▸ Items listed in a dataset
Lemma primitive_comp F f (p dp ddp : R -> R) : primitive F f ->
  (forall x, is_derive x (1:R) p (dp x)) -> (forall x, is_derive x (1:R) dp (ddp x)) ->
  (forall B, exists L, forall x, `|x| <= B -> `|ddp x| <= L) ->
  primitive (fun x => p (F x)) (fun x => dp (F x) * f x).
Proof.
move=> pF hp hdp hddp.
have [B hB] := (primitive_bmeas pF).2; have [L hL] := hddp B.
have [M M0 [hf LF]] := primitive_lipschitz pF.
have [bf [cF _]] := pF.
have bdpF := bmeas_comp (is_derive1_continuous hdp) cF.
have L0 : 0 <= L := le_trans (normr_ge0 _) (hL _ (hB 0 (lexx _) ler01)).
apply: (@primitive_of_local_error _ _ (L * M ^+ 2 + L * M * M)).
- by rewrite addr_ge0 ?mulr_ge0 ?exprn_ge0.
- exact: bmeasM.
- by move=> x; apply: continuous_comp; [exact: cF | exact: is_derive1_continuous].
move=> s t s0 st t1.
have s1 := le_trans st t1; have t0 := le_trans s0 st.
have bdf : bmeas (fun r => dp (F s) * f r - dp (F r) * f r).
  by apply: bmeasD; [exact: bmeasM (bmeas_cst _) bf | exact: bmeasN (bmeasM bdpF bf)].
have -> : p (F t) - p (F s) - Rintegral mu `]s, t] (fun r => dp (F r) * f r) =
    (p (F t) - p (F s) - dp (F s) * (F t - F s)) +
    Rintegral mu `]s, t] (fun r => dp (F s) * f r - dp (F r) * f r).
  have int h : bmeas h -> mu.-integrable `]s, t] (EFin \o h).
    by move=> bh; exact: bmeas_integrable_oc.
  rewrite (RintegralB _ (int _ (bmeasM (bmeas_cst _) bf)) (int _ (bmeasM bdpF bf))) //.
  rewrite RintegralZl ?int //.
  by rewrite -(primitive_increment pF) //; ring.
rewrite mulrDl; apply: le_trans (ler_normD _ _) _; apply: lerD.
  apply: le_trans (taylor1_bound hp hdp hL (hB _ t0 t1) (hB _ s0 s1)) _.
  rewrite -mulrA ler_wpM2l // -exprMn -[X in X <= _]real_normK ?num_real //.
  by rewrite lerXn2r ?nnegrE ?mulr_ge0 ?subr_ge0 // LF.
rewrite expr2 !mulrA; apply: norm_Rintegral_oc_le => // r sr rt.
have r0 := le_trans s0 (ltW sr); have r1 := le_trans rt t1.
rewrite -mulrBl normrM [L * M * M * _]mulrAC ler_pM ?hf //.
apply: le_trans (lipschitz_of_deriv_bounded hdp hL (hB _ s0 s1) (hB _ r0 r1)) _.
rewrite -mulrA ler_wpM2l // distrC; apply: le_trans (LF _ _ s0 (ltW sr) r1) _.
by rewrite ler_wpM2l // lerB.
Qed.

End Primitive.

Section Rotation.
Variable R : realType.

Ltac ord_cases i := case: i => [[|[|[|[|?]]]] ?] //=.

Lemma delta_mx_inord n (a b : nat) : (a < n.+1)%N -> (b < n.+1)%N ->
  delta_mx (inord a) (inord b) =
    \matrix_(i < n.+1, j < n.+1) ((i == a :> nat) && (j == b :> nat))%:R :> 'M[R]_n.+1.
Proof. by move=> ha hb; apply/matrixP => i j; rewrite !mxE -!val_eqE /= !inordK. Qed.

Lemma E1E : E1 R = \matrix_(i, j)
  (((i == 2%N :> nat) && (j == 1%N :> nat))%:R - ((i == 1%N :> nat) && (j == 2%N :> nat))%:R).
Proof. by apply/matrixP => i j; rewrite /E1 !delta_mx_inord // !mxE. Qed.

Lemma E2E : E2 R = \matrix_(i, j)
  (((i == 0%N :> nat) && (j == 2%N :> nat))%:R - ((i == 2%N :> nat) && (j == 0%N :> nat))%:R).
Proof. by apply/matrixP => i j; rewrite /E2 !delta_mx_inord // !mxE. Qed.

Lemma E3E : E3 R = \matrix_(i, j)
  (((i == 1%N :> nat) && (j == 0%N :> nat))%:R - ((i == 0%N :> nat) && (j == 1%N :> nat))%:R).
Proof. by apply/matrixP => i j; rewrite /E3 !delta_mx_inord // !mxE. Qed.

Lemma E4E : E4 R = \matrix_(i, j) ((i == 3%N :> nat) && (j == 3%N :> nat))%:R.
Proof. by rewrite /E4 delta_mx_inord. Qed.

(* rot3 th is the rotation R(th) of the (x1, x2)-plane and rot4 th = exp (th E3). *)
Definition rot_entry (th : R) (i j : nat) : R :=
  if (i == 0%N) && (j == 0%N) then cos th
  else if (i == 0%N) && (j == 1%N) then - sin th
  else if (i == 1%N) && (j == 0%N) then sin th
  else if (i == 1%N) && (j == 1%N) then cos th
  else (i == j)%:R.

Definition rot3 th : 'M[R]_3 := \matrix_(i, j) rot_entry th i j.
Definition rot4 th : 'M[R]_4 := \matrix_(i, j) rot_entry th i j.

Lemma rot3K th : rot3 th *m rot3 (- th) = 1%:M.
Proof.
apply/matrixP => i j; rewrite !mxE !big_ord_recl !big_ord0 !mxE /rot_entry /= cosN sinN.
by ord_cases i; ord_cases j; first [ring | rewrite -(cos2Dsin2 th); ring].
Qed.

Lemma rot4K th : rot4 th *m rot4 (- th) = 1%:M.
Proof.
apply/matrixP => i j; rewrite !mxE !big_ord_recl !big_ord0 !mxE /rot_entry /= cosN sinN.
by ord_cases i; ord_cases j; first [ring | rewrite -(cos2Dsin2 th); ring].
Qed.

Lemma rot4_0 : rot4 0 = 1%:M.
Proof.
apply/matrixP => i j; rewrite !mxE /rot_entry cos0 sin0 oppr0.
by ord_cases i; ord_cases j.
Qed.

Lemma E3_rot4C th : E3 R *m rot4 th = rot4 th *m E3 R.
Proof.
rewrite E3E; apply/matrixP => i j; rewrite !mxE !big_ord_recl !big_ord0 !mxE /rot_entry /=.
by ord_cases i; ord_cases j; ring.
Qed.

Lemma E4_rot4C th : E4 R *m rot4 th = rot4 th *m E4 R.
Proof.
rewrite E4E; apply/matrixP => i j; rewrite !mxE !big_ord_recl !big_ord0 !mxE /rot_entry /=.
by ord_cases i; ord_cases j; ring.
Qed.

Lemma rot4_conj_E1E2 th p w : rot4 (- th) *m (p *: E1 R + w *: E2 R) *m rot4 th =
  (p * cos th + w * sin th) *: E1 R + (w * cos th - p * sin th) *: E2 R.
Proof.
rewrite E1E E2E; apply/matrixP => i j.
rewrite !mxE !big_ord_recl !big_ord0 !mxE !big_ord_recl !big_ord0 !mxE /rot_entry /= cosN sinN.
by ord_cases i; ord_cases j; ring.
Qed.

Lemma ord3_inord : [/\ ord0 = inord 0 :> 'I_3, lift ord0 ord0 = inord 1 :> 'I_3
  & lift ord0 (lift ord0 ord0) = inord 2 :> 'I_3].
Proof. by split; apply: val_inj; rewrite /= inordK. Qed.

Lemma Ctilde_rot3 (C : 'M[R]_3) v : Ctilde C v = C *m rot3 v.
Proof.
have [e0 e1 e2] := ord3_inord.
apply/matrixP => i j; rewrite !mxE !big_ord_recl !big_ord0 !mxE /rot_entry /= e2 e1 e0.
by ord_cases j; ring.
Qed.

Lemma grp_elt_rot4 (C : 'M[R]_3) v th : grp_elt C v *m rot4 th = grp_elt (C *m rot3 th) v.
Proof.
have [e0 e1 e2] := ord3_inord.
apply/matrixP => i j; rewrite !mxE !big_ord_recl !big_ord0 !mxE /rot_entry /=.
ord_cases i; ord_cases j; rewrite ?mxE ?big_ord_recl ?big_ord0 ?mxE /rot_entry /= ?e2 ?e1 ?e0 ?inordK //=; ring.
Qed.

Definition rot_entry' (th : R) (i j : nat) : R :=
  if (i == 0%N) && (j == 0%N) then - sin th
  else if (i == 0%N) && (j == 1%N) then - cos th
  else if (i == 1%N) && (j == 0%N) then cos th
  else if (i == 1%N) && (j == 1%N) then - sin th
  else 0.

Lemma E3_rot4E th : E3 R *m rot4 th = \matrix_(i, j) rot_entry' th i j.
Proof.
rewrite E3E; apply/matrixP => i j.
rewrite !mxE !big_ord_recl !big_ord0 !mxE /rot_entry /rot_entry' /=.
by ord_cases i; ord_cases j; ring.
Qed.

Lemma primitive_rot4 F f (k j : 'I_4) : primitive F f ->
  primitive (fun t => rot4 (F t) k j) (fun t => f t * (E3 R *m rot4 (F t)) k j).
Proof.
move=> pF.
have pc : primitive (fun t => cos (F t)) (fun t => - sin (F t) * f t).
  apply: (@primitive_comp _ F f cos (fun x => - sin x) (fun x => - cos x)) => // B.
  by exists 1 => x _; rewrite normrN cos_max.
have ps : primitive (fun t => sin (F t)) (fun t => cos (F t) * f t).
  apply: (@primitive_comp _ F f sin cos (fun x => - sin x)) => // B.
  by exists 1 => x _; rewrite normrN sin_max.
have pms := primitiveZ (-1) ps.
have p1 := @primitive_cst R 1; have p0 := @primitive_cst R 0.
under eq_fun do rewrite mxE.
under [X in primitive _ X]eq_fun do rewrite E3_rot4E mxE.
rewrite /rot_entry /rot_entry'.
by ord_cases k; ord_cases j;
  [ move: pc | move: pms | move: p0 | move: p0
  | move: ps | move: pc  | move: p0 | move: p0
  | move: p0 | move: p0  | move: p1 | move: p0
  | move: p0 | move: p0  | move: p0 | move: p1 ];
  congr primitive; apply/funext => ?; ring.
Qed.

End Rotation.

Section Transfer.
Variable R : realType.
Local Notation mu := (@lebesgue_measure R).

Lemma admissibleP (X : 'I_3 -> 'M[R]_4) u g target :
  admissible X u g target <->
  [/\ forall k, bmeas (u k), g 0 = 1%:M, g 1 = target &
      forall i j, primitive (fun t => g t i j) (fun t => (g t *m ctrl_mx X u t) i j)].
Proof.
split.
  case=> mu_ [[M hM] [cg [g0 [g1 hg]]]].
  have bu k : bmeas (u k).
    by split=> //; exists M => t t0 t1; apply: hM; rewrite in_itv /= t0 t1.
  split=> // i j; split.
    under eq_fun do rewrite mxE.
    apply: bmeas_sum => k; apply: bmeasM; first exact: bmeas_cont.
    under eq_fun do rewrite /ctrl_mx summxE.
    by apply: bmeas_sum => l; under eq_fun do rewrite mxE; exact: bmeasM (bu l) (bmeas_cst _).
  by split=> // t t0 t1; rewrite g0 hg // in_itv /= t0 t1.
case=> bu g0 g1 pg.
have /choice[M hM] : forall k, exists M, forall t, 0 <= t -> t <= 1 -> `|u k t| <= M.
  by move=> k; case: (bu k).
split; first by move=> k; case: (bu k).
split.
  exists (\sum_k `|M k|) => k t; rewrite in_itv /= => /andP[t0 t1].
  apply: le_trans (le_trans (hM k t t0 t1) (ler_norm _)) _.
  by rewrite (bigD1 k) //= lerDl sumr_ge0.
split; first by move=> i j; case: (pg i j) => _ [].
do 2 split=> //; move=> t; rewrite in_itv /= => /andP[t0 t1] i j.
by case: (pg i j) => _ [_ ->] //; rewrite g0.
Qed.

Definition frameA (a : R) : 'I_3 -> 'M[R]_4 := fun k =>
  if (k == 0%N :> nat) then E1 R else if (k == 1%N :> nat) then E4 R + a *: E3 R else E2 R.

Lemma frame1A : frame1 R = frameA (-1).
Proof. by apply/funext => k; rewrite /frame1 /frameA scaleN1r. Qed.

Lemma frame2A : frame2 R = frameA 0.
Proof. by apply/funext => k; rewrite /frame2 /frameA scale0r addr0. Qed.

Local Notation k0 := (inord 0 : 'I_3).
Local Notation k1 := (inord 1 : 'I_3).
Local Notation k2 := (inord 2 : 'I_3).

Lemma ctrl_mx_frameA a u r : ctrl_mx (frameA a) u r =
  u k0 r *: E1 R + u k2 r *: E2 R + u k1 r *: E4 R + (a * u k1 r) *: E3 R.
Proof.
have [e0 e1 e2] := ord3_inord.
rewrite /ctrl_mx !big_ord_recl big_ord0 /frameA /= -e0 -e1 -e2.
by apply/matrixP => i j; rewrite !mxE; ring.
Qed.

Definition rot_ctrl (u : 'I_3 -> R -> R) (th : R -> R) : 'I_3 -> R -> R := fun k r =>
  if (k == 0%N :> nat) then u k0 r * cos (th r) + u k2 r * sin (th r)
  else if (k == 1%N :> nat) then u k1 r
  else u k2 r * cos (th r) - u k0 r * sin (th r).

Lemma rot_ctrlE u th r :
  [/\ rot_ctrl u th k0 r = u k0 r * cos (th r) + u k2 r * sin (th r),
      rot_ctrl u th k1 r = u k1 r
    & rot_ctrl u th k2 r = u k2 r * cos (th r) - u k0 r * sin (th r)].
Proof. by rewrite /rot_ctrl !inordK. Qed.

Lemma sum_sq_rot_ctrl u th r :
  \sum_(k < 3) rot_ctrl u th k r ^+ 2 = \sum_(k < 3) u k r ^+ 2.
Proof.
have [e0 e1 e2] := ord3_inord; have [w0 w1 w2] := rot_ctrlE u th r.
rewrite !big_ord_recl !big_ord0 e2 e1 e0 w0 w1 w2.
have := cos2Dsin2 (th r); set c := cos (th r); set s := sin (th r) => cs.
by rewrite -[u k0 r ^+ 2]mulr1 -[u k2 r ^+ 2]mulr1 -!cs; ring.
Qed.

(* h = g N(th) with th' = b u_2 has h' = g (A N + th' E3 N) = h A', where A and A'
   are the control matrices of frameA a and frameA (a + b). *)
Lemma rot4_ctrl_frameA a b u th r :
  ctrl_mx (frameA a) u r *m rot4 (th r) + (b * u k1 r) *: (E3 R *m rot4 (th r)) =
  rot4 (th r) *m ctrl_mx (frameA (a + b)) (rot_ctrl u th) r.
Proof.
have [w0 w1 w2] := rot_ctrlE u th r.
have conj := rot4_conj_E1E2 (th r) (u k0 r) (u k2 r).
have e3 := E3_rot4C (th r); have e4 := E4_rot4C (th r); have rK := rot4K (th r).
rewrite !ctrl_mx_frameA w0 w1 w2 2!mulmxDr -conj !mulmxA rK mul1mx.
rewrite 3!mulmxDl -!scalemxAl -!scalemxAr -e3 -e4.
by rewrite -addrA -scalerDl mulrDl.
Qed.

Lemma mulmx_ctrl_frameA33 a u r (G : 'M[R]_4) :
  (G *m ctrl_mx (frameA a) u r) o3 o3 = G o3 o3 * u k1 r.
Proof.
have l3 : lift ord0 (lift ord0 (lift ord0 ord0)) = o3 :> 'I_4 by apply: val_inj; rewrite /= inordK.
by rewrite ctrl_mx_frameA E1E E2E E3E E4E mxE !big_ord_recl big_ord0 !mxE l3 /o3 !inordK //=;
  ring.
Qed.

Lemma admissible_frameA_Rintegral a u g C v :
  admissible (frameA a) u g (grp_elt C v) -> Rintegral mu `[0, 1] (u k1) = v.
Proof.
case/admissibleP=> bu g0 g1 pg.
pose phi t := Rintegral mu `[0, t] (u k1).
have pphi : primitive phi (u k1) := primitive_Rintegral (bu k1).
have pE : primitive (fun t => expR (-1 * phi t)) (fun t => expR (-1 * phi t) * (-1 * u k1 t)).
  apply: (@primitive_comp _ _ _ expR expR expR) (primitiveZ (-1) pphi) _ _ _ => // B.
  exists (expR B) => x xB; rewrite ger0_norm ?expR_ge0 // ler_expR.
  exact: le_trans (ler_norm x) xB.
(* g_44 exp (- phi) has derivative 0 *)
have [_ [_ p33]] := primitiveM (pg o3 o3) pE.
have := p33 1 ler01 (lexx 1).
rewrite (@eq_Rintegral _ _ _ mu _ (fun=> 0) (fun t => _ + _)); last first.
  by move=> r _; rewrite mulmx_ctrl_frameA33; ring.
rewrite Rintegral_cst // mul0r addr0 g0 g1 /phi set_itv1 Rintegral_set1 mulr0 expR0.
rewrite !mxE /o3 inordK //= eqxx mulr1 mulr1n -expRD => /(congr1 (@ln R)).
by rewrite expRK ln1 mulN1r => /eqP; rewrite subr_eq0 eq_sym => /eqP.
Qed.

Lemma ctrl_length_rot_ctrl u th : ctrl_length (rot_ctrl u th) = ctrl_length u.
Proof. by congr Rintegral; apply/funext => r; rewrite sum_sq_rot_ctrl. Qed.

Lemma bmeas_rot_ctrl u th k : (forall l, bmeas (u l)) ->
  {within `[(0:R), (1:R)], continuous th} -> bmeas (rot_ctrl u th k).
Proof.
move=> bu cth.
have bc := bmeas_comp (@continuous_cos R) cth; have bs := bmeas_comp (@continuous_sin R) cth.
rewrite /rot_ctrl; case: (k == 0%N :> nat); first by apply: bmeasD; exact: bmeasM.
case: (k == 1%N :> nat) => //.
by apply: bmeasD; [exact: bmeasM | exact: bmeasN (bmeasM _ _)].
Qed.

Lemma admissible_frameA_rot a b u g C v :
  let th t := b * Rintegral mu `[0, t] (u k1) in
  admissible (frameA a) u g (grp_elt C v) ->
  admissible (frameA (a + b)) (rot_ctrl u th) (fun t => g t *m rot4 (th t))
    (grp_elt (C *m rot3 (b * v)) v).
Proof.
move=> th adm; have th1 : th 1 = b * v by rewrite /th (admissible_frameA_Rintegral adm).
case/admissibleP: adm => bu g0 g1 pg.
have pth : primitive th (fun t => b * u k1 t) := primitiveZ b (primitive_Rintegral (bu k1)).
apply/admissibleP; split=> [k||| i j].
- by apply: bmeas_rot_ctrl => //; case: pth => _ [].
- by rewrite g0 /th set_itv1 Rintegral_set1 mulr0 rot4_0 mulmx1.
- by rewrite g1 th1 grp_elt_rot4.
have := primitive_sum (index_enum 'I_4)
  (fun k => primitiveM (pg i k) (primitive_rot4 k j pth)).
congr primitive; apply/funext => t; first by rewrite mxE.
rewrite -mulmxA -rot4_ctrl_frameA mulmxDr mulmxA [RHS]mxE !mxE -big_split.
by apply: eq_bigr => k _; rewrite !mxE.
Qed.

▸ ABOUT THIS TASK
Gather each line in the data that holds the string "admissibleP".

▸ COMPLETED TASK
Lemma admissibleP (X : 'I_3 -> 'M[R]_4) u g target :
case/admissibleP=> bu g0 g1 pg.
case/admissibleP: adm => bu g0 g1 pg.
apply/admissibleP; split=> [k||| i j].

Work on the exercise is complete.